The expiration of En-Touch's contract to carry AT&T SportsNet Southwest content "presented a Hobson's choice" of either paying exorbitantly high prices or losing subscribers when the must-see RSN content leaves its lineup, the company said in its suit (in Pacer), filed Tuesday in U.S. District Court in Los Angeles. The suit alleges AT&T Clayton Act, Sherman Act and California law violations. AT&T didn't comment Wednesday.

En-Touch could be hard pressed to prove collusion, since it would have to show RSN AT&T SportsNet Southwest is a separate entity from AT&T and its DirecTV, said Pepperdine School of Law associate professor Babette Boliek. The En-Touch complaint also has to overcome that AT&T is arguably within its rights to refuse to sell.

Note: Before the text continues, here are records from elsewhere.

(* Let $\mathfrak{s}=\bigoplus\mathfrak{s}^p$ be a grading of depth one of a simple Lie superalgebra. Any graded subalgebra $\mathfrak{s}\subset\mathfrak{g}\subset\mathrm{der}(\mathfrak{s})$ is of the form $\mathfrak{g}=\mathfrak{s}\rtimes F$ for some graded subalgebra $F=\mathfrak{g}\cap\mathrm{out}(\mathfrak{s})$ of $\mathrm{out}(\mathfrak{s})$ and it is a transitive nonlinear $\mathbb{Z}$-graded Lie superalgebra. Moreover it is of depth one and irreducible if and only if the depth $d(F)\leq 0$ (i.e. $F$ is graded in nonnegative degrees).
   Context: $\mathfrak{s}$ is a finite-dimensional complex simple Lie superalgebra, $\mathrm{der}(\mathfrak{s})=\mathfrak{s}\rtimes\mathrm{out}(\mathfrak{s})$ (semidirect sum, $\mathfrak{s}$ the ideal, $\mathrm{out}(\mathfrak{s})$ a subalgebra of outer derivations, stable under the grading), with the grading induced by that of $\mathfrak{s}$. A $\mathbb{Z}$-graded Lie superalgebra $\mathfrak{g}=\bigoplus\mathfrak{g}^p$ is transitive if $x\in\mathfrak{g}^p$, $p\ge0$, $[x,\mathfrak{g}^{-1}]=0$ implies $x=0$; irreducible if $\mathfrak{g}^0$ acts irreducibly on $\mathfrak{g}^{-1}$; nonlinear if $\mathfrak{g}^1\neq0$. *)

From HB Require Import structures.
From mathcomp Require Import all_boot all_order all_algebra.
From mathcomp.real_closed Require Export complex.
From mathcomp Require Export reals.
Set Implicit Arguments. Unset Strict Implicit. Unset Printing Implicit Defensive.
Import Order.TTheory GRing.Theory Num.Theory.
Local Open Scope ring_scope.

(* A Lie superalgebra structure on a finite-dimensional C-vector space V is
   given by a parity splitting V = V0 (+) V1 and the adjoint map
   ad : V -> End(V), so that the bracket is [x, y] := ad x y (bilinear). *)
Section LieSuper.
Variables (C : fieldType) (V : vectType C).
Variables (V0 V1 : {vspace V}) (ad : 'Hom(V, 'End(V))).

Definition par (a : bool) : {vspace V} := if a then V1 else V0.
Definition sgn (a b : bool) : C := (-1) ^+ (a && b).

Definition is_lie_superalgebra : Prop :=
  [/\ directv (V0 + V1)%VS, (V0 + V1)%VS = fullv,
      (forall a b x y, x \in par a -> y \in par b -> ad x y \in par (a (+) b)),
      (forall a b x y, x \in par a -> y \in par b ->
          ad x y = - (sgn a b *: ad y x)) &
      (forall a b x y z, x \in par a -> y \in par b ->
          ad x (ad y z) = ad (ad x y) z + sgn a b *: ad y (ad x z))].

Definition graded_ideal (I : {vspace V}) : Prop :=
  I = (I :&: V0 + I :&: V1)%VS /\ (forall x y, y \in I -> ad x y \in I).

Definition simple_lie_superalgebra : Prop :=
  [/\ is_lie_superalgebra, (exists x y, ad x y != 0) &
      forall I, graded_ideal I -> I = 0%VS \/ I = fullv].

Definition Zgrading (gr : int -> {vspace V}) : Prop :=
  [/\ exists N : nat, [/\ forall p, (N < `|p|)%N -> gr p = 0%VS,
         (\sum_(i < N.*2.+1) gr (i%:Z - N%:Z))%VS = fullv &
         directv (\sum_(i < N.*2.+1) gr (i%:Z - N%:Z))%VS],
      (forall p, gr p = (gr p :&: V0 + gr p :&: V1)%VS) &
      (forall p q x y, x \in gr p -> y \in gr q -> ad x y \in gr (p + q))].

Definition depth_one_grading (gr : int -> {vspace V}) : Prop :=
  (forall p, p < -1 -> gr p = 0%VS) /\ gr (-1) != 0%VS.

Definition P0 : 'End(V) := daddv_pi V0 V1.
Definition P1 : 'End(V) := daddv_pi V1 V0.
Definition evpart (D : 'End(V)) : 'End(V) :=
  (P0 \o D \o P0)%VF + (P1 \o D \o P1)%VF.
Definition odpart (D : 'End(V)) : 'End(V) :=
  (P0 \o D \o P1)%VF + (P1 \o D \o P0)%VF.

(* the supercommutator on End(V), extended bilinearly from homogeneous parts *)
Definition sbr (D E : 'End(V)) : 'End(V) :=
  ((evpart D \o evpart E)%VF - (evpart E \o evpart D)%VF) +
  ((evpart D \o odpart E)%VF - (odpart E \o evpart D)%VF) +
  ((odpart D \o evpart E)%VF - (evpart E \o odpart D)%VF) +
  ((odpart D \o odpart E)%VF + (odpart E \o odpart D)%VF).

To prevail on the Sherman Act claim, En-Touch needs to show that a distinct Houston cable subscription market exists, that AT&T actions had an anti-competitive effect there, and that effect outweighed any pro-competitive effects, said Paynter Law's Stuart Paynter. "Antitrust cases that are not simple price-fixing cases are inherently hard to prove." He said AT&T might seek to have the case thrown out during discovery on the grounds the complaint doesn't contain very detailed allegations about why the "Houston cable subscription market" is a distinct market.

Its Sherman Act claim "seems weak," since the 26 percent market share in the Houston area claimed by AT&T and DirecTV generally isn't considered a monopoly, Paynter said. Trying to gain monopoly power also can violate antitrust laws, but that's "always a tough claim" since it requires showing specific intent to monopolize and a "dangerous probability" of achieving that, he said.

AT&T's contract structure mirrors how the RSN operated when it was Comcast-owned Comcast SportsNet Houston (CSN Houston), En-Touch said. Comcast for a time was the only major MVPD to carry Rockets and Astros games in the Houston market because of the subscriber rate CSN Houston charged, resulting in "a backdoor deal between a parent and a subsidiary," it said, saying DirecTV was critical then of what CSN Houston was charging. AT&T and DirecTV jointly bought CSN Houston out of bankruptcy in 2014 but kept the pricing structure, En-Touch said.